The necropolis of Kasbek, or Stepan Tzminda, lies on the road to Tiflis, about thirty miles south of Vladikavkas. In the three tombs described were found fibulæ, rings, bangles, and sherds of pottery. In the soil immediately above the cists were bones of sheep and oxen, human teeth, three rings of gold, seven of silver, four of bronze, eight bronze bangles, two bronze fibula,

two arrows, two knives, and a few other articles, all of which may be regarded as offerings made by the friends and relations of the deceased. In another part of the cemetery a treasure was brought to light, containing a great number of gold, silver, bronze, and iron articles, phallic statuettes, onyx and cornelian beads.

At Kislovodsk, in a glen in the northern outliers of Elbrus, about 100 flagstone cists were exhumed. Each contained one, sometimes two individuals, with arms and instruments of bronze beside them. Chronologically, both these cemeteries may be referred to the later Kobanian epoch.

The next group of burial-grounds belongs, for the most part, to a much later period, which M. Chantre terms Scytho-Byzantine or Greco-Roman, extending from about the 7th century B.C. to the 7th century A.D.

Komunta, in the district of Digori, is an Oset village, standing at an elevation of 2,629 feet, and overlooking the banks of the Kamin Don. Externally there is nothing to betray the existence of a necropolis.
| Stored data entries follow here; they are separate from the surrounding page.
Lemma compact_closed_finI (X : topologicalType) (A : set X) (K : choiceType)
    (g : K -> set X) (k0 : K) :
  compact A -> (forall k, closed (g k)) -> finI [set: K] (fun k => A `&` g k) ->
  exists2 f, A f & forall k, g k f.
Proof.
move=> A_compact g_closed g_finI.
have [|f [Af f_cl]] := A_compact _ (finI_filter g_finI).
  by exists (A `&` g k0); first exact: finI_from1.
exists f => // k; apply: g_closed => B /f_cl; apply.
by exists (A `&` g k); [exact: finI_from1 | move=> x []].
Qed.

Variables (I : Type) (N : I -> nat).
Variables (P1 : I -> nat -> Prop) (P2 : I -> I -> nat -> nat -> Prop).
Let J := {classic I}.
Let choice_space := forall i : J, nat.

Lemma closed_determined_by (S : set choice_space) (a b : J) :
  (forall f g : choice_space, f a = g a -> f b = g b -> S f -> S g) -> closed S.
Proof.
move=> S_ab; rewrite -[S]setCK; apply: open_closedC; rewrite openE => f nSf; rewrite /interior.
have near_a : nbhs f ((fun h : choice_space => h a) @^-1` [set f a]).
  exact: (@proj_continuous J (fun=> nat) a f _ (discrete_set1 (f a))).
have near_b : nbhs f ((fun h : choice_space => h b) @^-1` [set f b]).
  exact: (@proj_continuous J (fun=> nat) b f _ (discrete_set1 (f b))).
apply: filterS (filterI near_a near_b) => g [/= ga gb] Sg.
by apply: nSf; apply: (S_ab g f ga gb Sg).
Qed.

(* Rado's selection principle. *)
Lemma compactness_choice :
  (forall s : seq I, exists c : I -> nat,
     (forall i, List.In i s -> c i < N i /\ P1 i (c i)) /\
     (forall i j, List.In i s -> List.In j s -> P2 i j (c i) (c j))) ->
  exists c : I -> nat, (forall i, c i < N i /\ P1 i (c i)) /\ forall i j, P2 i j (c i) (c j).
Proof.
move=> fin_choice.
have N_gt0 i : 0 < N i.
  have [c [c_ok _]] := fin_choice [:: i].
  exact: leq_ltn_trans (leq0n _) (c_ok i (or_introl erefl)).1.
pose bounded : set choice_space := [set f | forall i, f i < N i].
have bounded_compact : compact bounded.
  apply: (@tychonoff J (fun=> nat) (fun i => [set k | k < N i])) => i.
  by apply/finite_compact/(@sub_finite_set _ _ `I_(N i)) => // k; rewrite /= inE.
pose K := (J + J * J)%type.
pose constraint (k : K) : set choice_space := match k with
  | inl i => [set f | P1 i (f i)]
  | inr ij => [set f | P2 ij.1 ij.2 (f ij.1) (f ij.2)] end.
have constraint_closed k : closed (constraint k).
  case: k => [i|[i j]]; first by apply: (@closed_determined_by _ i i) => f g /= ->.
  by apply: (@closed_determined_by _ i j) => f g /= -> ->.
have constraint_finI : finI [set: K] (fun k => bounded `&` constraint k).
  move=> D _; pose idx (k : K) : seq I := if k is inr ij then [:: ij.1; ij.2] else
                                         if k is inl i then [:: i] else [::].
  pose s := List.flat_map idx (enum_fset D).
  have in_s k i : k \in D -> List.In i (idx k) -> List.In i s.
    by move=> kD ik; apply/List.in_flat_map; exists k; split=> //; apply/In_memP.
  have [c [c1 c2]] := fin_choice s.
  pose c' : choice_space := fun i => if `[< List.In (i : I) s >] then c i else 0.
  have c'E i : List.In i s -> c' i = c i by rewrite /c'; case: asboolP.
  exists c' => k /= kD; split.
    by move=> i; rewrite /c'; case: asboolP => [/c1 []|_].
  case: k kD => [i|[i j]] kD /=.
    by have iS := in_s _ i kD (or_introl erefl); rewrite c'E //; case: (c1 i iS).
  have iS := in_s _ i kD (or_introl erefl).
  have jS := in_s _ j kD (or_intror (or_introl erefl)).
  by rewrite !c'E //; apply: c2.
have [[i0 _] | I0] := pselect (exists i : I, True); last first.
  by exists (fun=> 0); split=> [i | i]; case: I0; exists i.
have [f f_bd f_ok] :=
  compact_closed_finI (inl i0 : K) bounded_compact constraint_closed constraint_finI.
exists f; split=> [i | i j]; last exact: (f_ok (inr (i, j))).
by split; [exact: f_bd | exact: (f_ok (inl i))].
Qed.

End CompactnessChoice.

Section BarPoints.
Variables (d : Order.disp_t) (T : orderType d).

Lemma chain_through (X : seq T) (t0 : T) : exists n (p : nat -> T),
  (forall i j, i <= j -> j < n -> (p i <= p j)%O) /\
  forall t, t \in X -> exists2 k, k < n & p k = t.
Proof.
exists (size (sort <=%O X)), (nth t0 (sort <=%O X)); split.
  move=> i j ij jn; apply: (sorted_leq_nth le_trans le_refl) => //.
  by rewrite inE (leq_ltn_trans ij jn).
move=> t tX; have tS : t \in sort <=%O X by rewrite mem_sort.
by exists (index t (sort <=%O X)); rewrite ?index_mem ?nth_index.
Qed.

Definition bar_point (B : barcode T) (b : rep B) : T := projT1 (cid (bar_interval b).1).

Lemma bar_point_bar (B : barcode T) (b : rep B) : bar b (bar_point b).
Proof. exact: projT2 (cid (bar_interval b).1). Qed.

Definition outside_point (A B : barcode T) (a : rep A) (b : rep B) : T :=
  if pselect (exists t, bar a t && ~~ bar b t) is left ex then projT1 (cid ex)
  else bar_point a.

Lemma outside_point_sub (A B : barcode T) (a : rep A) (b : rep B) :
  (bar a (outside_point a b) -> bar b (outside_point a b)) -> forall t, bar a t -> bar b t.
Proof.
rewrite /outside_point; case: pselect => [ex | no_ex] sub t a_t; last first.
  by apply: contrapT => bt; apply: no_ex; exists t; rewrite a_t; apply/negP.
by case: (cid ex) sub => u /= /andP [au nbu] /(_ au); rewrite (negbTE nbu).
Qed.

End BarPoints.

Section Factorization.
Variables (K : fieldType) (d : Order.disp_t) (T : orderType d).
Variables (U V T' W : pmod K T) (F : pmhom U V) (G : pmhom T' W).
Variables (phi1 : pmhom T' U) (phi2 : pmhom V W).
Hypothesis G_factor : forall t x, G t x = phi2 t (F t (phi1 t x)).
Variables (BG BF : barcode T) (NG NF : T -> nat).
Variables (eG : forall t, 'I_(NG t) -> rep BG) (eF : forall t, 'I_(NF t) -> rep BF).
Arguments eG : clear implicits.
Arguments eF : clear implicits.
Hypothesis eG_inj : forall t, injective (eG t).
Hypothesis eG_bar : forall t i, bar (eG t i) t.
Hypothesis eG_surj : forall t b, bar b t -> exists i, eG t i = b.
Hypothesis eG_rank : forall s t, (s <= t)%O ->
  img_rank G s t = #|[set i : 'I_(NG t) | bar (eG t i) s]|.
Hypothesis eF_inj : forall t, injective (eF t).
Hypothesis eF_bar : forall t i, bar (eF t i) t.
Hypothesis eF_surj : forall t b, bar b t -> exists i, eF t i = b.
Hypothesis eF_rank : forall s t, (s <= t)%O ->
  img_rank F s t = #|[set i : 'I_(NF t) | bar (eF t i) s]|.

Section Chain.
Variables (n : nat) (p : nat -> T).
Hypothesis p_mono : forall i j, i <= j -> j < n -> (p i <= p j)%O.

Let Fphi := pmhom_comp F phi1.
(* [R i.+1 j] is the rank of im (F \o phi1) from p_i to p_j, shifted like
   [rank_count]. *)
Let R i j := if (0 < i) && (j < n) then img_rank Fphi (p i.-1) (p j) else 0.
Let SG := chain_bars eG n p.
Let SF := chain_bars eF n p.
Let sG : chain_bar NG n p -> nat := cstart.
Let sF : chain_bar NF n p -> nat := cstart.
Let endG : chain_bar NG n p -> nat := cend eG.
Let endF : chain_bar NF n p -> nat := cend eF.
But a great number of gold, silver, bronze, and iron objects, figurines of men and animals, and even gold and silver coins, have been unearthed from time to time, either by scientific explorers or by treasure-seeking natives.

The burial-ground of Galiate, 11⁄2 miles north-west of Komunta, has been so thoroughly ransacked by the neighbouring villagers that only two tombs have remained undisturbed. The furniture of these was extremely poor, consisting of a pair of sheep-shears and a knife of iron, a bronze ring and bangle together, with a couple of beads, and a morsel of iron.
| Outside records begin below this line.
(* Let $(\mathcal{X},\mathcal{F},\sigma)$ be a probability space with an $\alpha$-homogeneous atomic filtration, $0<\alpha\le1/2$. Let $w\in L^1(\mathcal{X})$, $w\ge0$, and suppose that for a cube $Q_0\in\mathcal{D}$ and a constant $A$ we have $\langle w^*\rangle_{Q_0}\le A\langle w\rangle_{Q_0}$. Let $E\subset Q_0$ be a union of some cubes in $\mathcal{D}(Q_0)=\{K\in\mathcal{D}:K\subset Q_0\}$. Then \[ w(E)\le 2A\,\frac{\ln(2/\alpha)}{\ln(|Q_0|/|E|)}\,w(Q_0), \] where $w(F)=\int_F w\,d\sigma$.
   Context: An atomic filtration on a probability space $(\mathcal{X},\mathcal{F},\sigma)$ is an increasing sequence of $\sigma$-algebras $\mathcal{F}_n\subset\mathcal{F}$, $n\ge0$, with $\mathcal{F}_0=\{\varnothing,\mathcal{X}\}$, $\mathcal{F}$ generated by the $\mathcal{F}_n$, and such that for each $n$ there is a countable collection $\mathcal{D}_n$ of disjoint sets (''cubes'') with every set of $\mathcal{F}_n$ a union of sets of $\mathcal{D}_n$. Write $\mathcal{D}=\bigcup_n\mathcal{D}_n$, $|A|=\sigma(A)$, and for $Q\in\mathcal{D}_n$ let $\operatorname{ch}Q=\{R\in\mathcal{D}_{n+1}:R\subset Q\}$. The filtration is $\alpha$-homogeneous if $|Q'|\ge\alpha|Q|$ for every cube $Q$ and every $Q'\in\operatorname{ch}Q$. For $|A|>0$, $\langle f\rangle_A=|A|^{-1}\int_A f$. Let $\mathbf{E}_nf=\sum_{Q\in\mathcal{D}_n}\langle f\rangle_Q\mathbf{1}_Q$ and $f^*(x)=\sup_{n\ge0}|\mathbf{E}_nf(x)|$ (martingale maximal function). *)

From HB Require Import structures.
From mathcomp Require Import all_boot all_order all_algebra.
From mathcomp Require Import all_classical all_reals all_analysis.
Set Implicit Arguments. Unset Strict Implicit. Unset Printing Implicit Defensive.
Import Order.TTheory GRing.Theory Num.Theory.
Import numFieldNormedType.Exports.
Local Open Scope classical_set_scope.
Local Open Scope ring_scope.

Section defs.
Context {d : measure_display} {T : measurableType d} {R : realType}.

Definition filtration (F : nat -> set (set T)) : Prop :=
  [/\ forall n, sigma_algebra setT (F n),
      forall n, F n `<=` measurable,
      forall n, F n `<=` F n.+1,
      F 0%N = [set set0; setT] &
      (measurable : set (set T)) = <<s \bigcup_n F n >>].

Definition atomic (F D : nat -> set (set T)) : Prop :=
  [/\ forall n, countable (D n),
      forall n Q Q', D n Q -> D n Q' -> Q <> Q' -> Q `&` Q' = set0,
      forall n, D n `<=` F n &
      forall n S, F n S ->
        exists C : set (set T), C `<=` D n /\ S = \bigcup_(Q in C) Q].

Definition cubes (D : nat -> set (set T)) : set (set T) := \bigcup_n D n.

Definition homogeneous (sigma : set T -> \bar R) (D : nat -> set (set T))
    (alpha : R) : Prop :=
  forall n Q Q', D n Q -> D n.+1 Q' -> Q' `<=` Q ->
    (alpha%:E * sigma Q <= sigma Q')%E.

Definition avg (sigma : {measure set T -> \bar R}) (A : set T) (f : T -> R)
  : \bar R :=
  ((fine (sigma A))^-1)%:E * \int[sigma]_(y in A) (f y)%:E.

Definition condexp (sigma : {measure set T -> \bar R}) (D : nat -> set (set T))
  (n : nat) (f : T -> R) (x : T) : \bar R :=
  (\sum_(Q \in D n `&` [set Q | Q x]) avg sigma Q f)%E.

Definition maxf (sigma : {measure set T -> \bar R}) (D : nat -> set (set T))
  (f : T -> R) (x : T) : \bar R :=
  ereal_sup (range (fun n => `|condexp sigma D n f x|%E)).

Definition wmeas (sigma : {measure set T -> \bar R}) (w : T -> R) (A : set T)
  : \bar R := \int[sigma]_(x in A) (w x)%:E.

End defs.

(* Grow E in stages: replace the current set S by the union of the maximal
   cubes K ⊆ Q0 with |K ∩ S| ≥ (α/2)|K|, and stop at the first stage i where
   |S| ≥ (α/2)|Q0|.  The parent of a maximal cube fails this test, so
   homogeneity gives |K ∩ S| ≤ |K|/2: each stage at least doubles |S| (hence
   the process stops) and multiplies it by at most 2/α, which yields
   ln(|Q0|/|E|) ≤ 2 ln(2/α) (i/2 + 1 - |S|/|Q0|).  On K \ S, of measure at
   least |K|/2, we have w* ≥ ⟨w⟩_K, so each stage adds w(E)/2 to the integral
   of w* over S, while w* ≥ ⟨w⟩_Q0 on Q0 \ S.  Comparing with
   ⟨w*⟩_Q0 ≤ A ⟨w⟩_Q0 gives the bound. *)

From HB Require Import structures.
From mathcomp Require Import all_boot all_order all_algebra.
From mathcomp Require Import all_classical all_reals all_analysis.
From mathcomp Require Import measurable_realfun ring lra.
Import Order.TTheory GRing.Theory Num.Theory.
Import numFieldNormedType.Exports.
Local Open Scope classical_set_scope.
Local Open Scope ring_scope.
Set Implicit Arguments. Unset Strict Implicit. Unset Printing Implicit Defensive.

Section real_bounds.
Context {R : realType}.

Lemma ln4_ge1 : 1 <= ln (4 : R).
Proof.
have ln_half : ln (2^-1 : R) <= - 2^-1.
  by have := @le_ln1Dx R (- 2^-1) ltac:(lra); rewrite (_ : 1 - 2^-1 = 2^-1) //; lra.
rewrite (_ : 4 = (2^-1 * 2^-1)^-1); last by field.
by rewrite lnV ?posrE ?mulr_gt0 ?invr_gt0 // lnM ?posrE ?invr_gt0 //; lra.
Qed.

Lemma ln_ge_chord (s t : R) : 0 < s <= 4^-1 -> s <= t <= 1 ->
  2 * ln s * (1 - t) <= ln t.
Proof.
move=> /andP[s0 s4] /andP[st t1].
have lns_le : ln s <= -1.
  have : 1 <= ln s^-1.
    apply: le_trans ln4_ge1 _; rewrite ler_ln ?posrE ?invr_gt0 //.
    by rewrite -[4]invrK lef_pV2 ?posrE ?invr_gt0 //; lra.
  by rewrite lnV ?posrE //; lra.
have [t_half|half_t] := lerP t 2^-1.
  have : ln s <= ln t by rewrite ler_ln ?posrE //; lra.
  nra.
have t0 : 0 < t by lra.
have tt : t^-1 * t = 1 by rewrite mulVf //; lra.
have : ln t^-1 <= t^-1 - 1.
  have := @le_ln1Dx R (t^-1 - 1); rewrite (_ : 1 + _ = t^-1); last lra.
  by apply; rewrite -invr_gt0 in t0; lra.
have inv_t_le2 : t^-1 <= 2.
  by rewrite -[2]invrK lef_pV2 ?posrE ?invr_gt0 //; lra.
rewrite lnV ?posrE //; nra.
Qed.

Lemma ln_ratio_le (s q a v : R) (i : nat) : 0 < s <= 4^-1 -> 0 < q -> 0 < a ->
  s * q <= v <= q -> s ^+ i * v <= a ->
  ln (q / a) <= 2 * ln s^-1 * (i%:R / 2 + (1 - v / q)).
Proof.
move=> /andP[s0 s4] q0 a0 /andP[sqv vq] hi.
have v0 : 0 < v by nra.
have sv : s <= v / q <= 1.
  by rewrite ler_pdivlMr // ler_pdivrMr // mul1r sqv.
have := ln_ge_chord (ltac:(lra) : 0 < s <= 4^-1) sv.
have : ln (s ^+ i * v) <= ln a by rewrite ler_ln ?posrE ?mulr_gt0 ?exprn_gt0.
rewrite lnM ?posrE ?exprn_gt0 // lnXn // -mulr_natl lnV ?posrE //.
rewrite !ln_div ?posrE //; lra.
Qed.

Lemma le_ln_ratio_bound (alpha A q a v nE nQ : R) (i : nat) :
  0 < alpha <= 1 / 2 -> 0 < a < q -> alpha / 2 * q <= v <= q ->
  (alpha / 2) ^+ i * v <= a -> 0 <= nE <= nQ ->
  i%:R / 2 * nE + q^-1 * nQ * (q - v) <= A * nQ ->
  nE <= 2 * A * ln (2 / alpha) / ln (q / a) * nQ.
Proof.
move=> /andP[al0 al1] /andP[a0 aq] /andP[sqv vq] hi /andP[nE0 nEQ] hA.
have q0 : 0 < q by lra.
have s_le : 0 < alpha / 2 <= 4^-1 by apply/andP; split; lra.
have := ln_ratio_le s_le q0 a0 (ltac:(lra) : alpha / 2 * q <= v <= q) hi.
rewrite invf_div; set L := ln (2 / alpha) => hln.
have L0 : 0 <= L by apply: ln_ge0; rewrite ler_pdivlMr //; lra.
have vq1 : 0 <= 1 - v / q by rewrite subr_ge0 ler_pdivrMr // mul1r.
have gap : q^-1 * nQ * (q - v) = nQ * (1 - v / q) by field; lra.
have lnpos : 0 < ln (q / a) by apply: ln_gt0; rewrite ltr_pdivlMr // mul1r.
rewrite mulrAC ler_pdivlMr //.
have mass : nE * (i%:R / 2 + (1 - v / q)) <= A * nQ.
  by rewrite gap in hA; apply: le_trans hA; nra.
apply: (le_trans (ler_wpM2l nE0 hln)); nra.
Qed.

Lemma half_mass_le_avg_mul (k k2 kS nK nS : R) : k = k2 + kS -> 2 * kS <= k ->
  0 <= kS -> 0 <= k2 -> 0 <= nS <= nK -> (k = 0 -> nS = 0) ->
  2^-1 * nS <= k^-1 * nK * k2.
Proof.
move=> ek hk kS0 k20 /andP[nS0 nSK] hz.
have [k0|kn0] := eqVneq k 0; first by rewrite (hz k0) k0 invr0 !mul0r mulr0.
have kp : 0 < k by rewrite lt_neqAle eq_sym kn0 /=; lra.
have t0 : 0 <= k^-1 * nK by rewrite mulr_ge0 ?invr_ge0; lra.
have tk : k^-1 * nK * k = nK by rewrite mulrAC mulVf // mul1r.
nra.
Qed.

End real_bounds.

Lemma exists_least_nat (P : nat -> Prop) n0 : P n0 ->
  exists n, P n /\ forall k, (k < n)%N -> ~ P k.
Proof.
move=> P0; have ex : exists n, `[< P n >] by exists n0; exact/asboolP.
case: (ex_minnP ex) => n /asboolP Pn hmin; exists n; split => // k kn Pk.
by have := hmin k (asboolT Pk); rewrite leqNgt kn.
Qed.

Section countable_enum.
Context {T : Type}.

Lemma countable_enum (S : set (set T)) : countable S ->
  exists e : nat -> set T, [/\ forall i, e i = set0 \/ S (e i),
    forall i j, e i = e j -> e i !=set0 -> i = j &
    forall K, S K -> K !=set0 -> exists i, e i = K].
Proof.
move/countable_injP => [f finj].
pose e i := match pselect (exists K, [/\ S K, K !=set0 & f K = i]) with
  | left h => proj1_sig (cid h) | right _ => set0 end.
have eP i : e i = set0 \/ [/\ S (e i), e i !=set0 & f (e i) = i].
  rewrite /e; case: pselect => [h|_]; [right; exact: (proj2_sig (cid h))|by left].
exists e; split.
- by move=> i; case: (eP i) => [->|[]]; [left|right].
- move=> i j eij ne.
  case: (eP i) => [h|[_ _ fi]]; first by move: ne; rewrite h => /set0P; rewrite eqxx.
  case: (eP j) => [h|[_ _ fj]]; first by move: ne; rewrite eij h => /set0P; rewrite eqxx.
  by rewrite -fi -fj eij.
- move=> K SK neK; exists (f K); rewrite /e; case: pselect => [h|nh].
    case: (proj2_sig (cid h)) => S1 _ f1; apply: finj => //; exact: mem_set.
  by exfalso; apply: nh; exists K.
Qed.

Lemma countable_bigcup_enum (S : set (set T)) : countable S ->
  exists e : nat -> set T, [/\ forall i, e i = set0 \/ S (e i),
   (forall K K', S K -> S K' -> K `&` K' !=set0 -> K = K') -> trivIset setT e &
   \bigcup_(K in S) K = \bigcup_i e i].
Proof.
move=> /countable_enum [e [e_in e_inj e_onto]]; exists e; split => //.
- move=> dis i j _ _ [y [yi yj]].
  case: (e_in i) => [ei0|Si]; first by move: yi; rewrite ei0.
  case: (e_in j) => [ej0|Sj]; first by move: yj; rewrite ej0.
  by apply: e_inj; [exact: dis Si Sj (ex_intro _ y (conj yi yj))|exists y].
- apply/seteqP; split => y.
    move=> [K SK Ky]; have [i ei] := e_onto K SK (ex_intro _ y Ky).
    by exists i => //; rewrite ei.
  move=> [i _ yi]; case: (e_in i) => [ei0|Si]; first by move: yi; rewrite ei0.
  by exists (e i).
Qed.

End countable_enum.

Section cubes.
Context {d : measure_display} {T : measurableType d} (F D : nat -> set (set T)).
Hypotheses (hF : filtration F) (hD : atomic F D).

Lemma filtration_le n m : (n <= m)%N -> F n `<=` F m.
Proof.
case: hF => _ _ F_sub _ _; elim: m => [|m IH]; first by rewrite leqn0 => /eqP ->.
rewrite leq_eqVlt => /orP[/eqP -> //|]; rewrite ltnS => /IH h A /h; exact: F_sub.
Qed.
The necropolis of Lisgore, in Digori, lies 328 feet above the river Urukh. Its surface is studded with large standing-stones, some of them quite thirteen feet high, which, in the folk-lore of the inhabitants, were put in position by a former race of giants. The body was placed in a cist of stone slabs and laid on its back, with the arms stretched along the thighs, and the head against the eastern slab, while the face was turned to the west. Four tombs which have been opened contained seven earrings, two discs, a square ornament and small chains attached to spheres-all of silver, two bronze dice and three rings, two iron knives, beads, etc., and a human canine tooth pierced with a hole of suspension.

The cemeteries of Kambylte, Zergis, Latz, Chmi, and Ozrokovo (Urusbieh) were then described in some detail.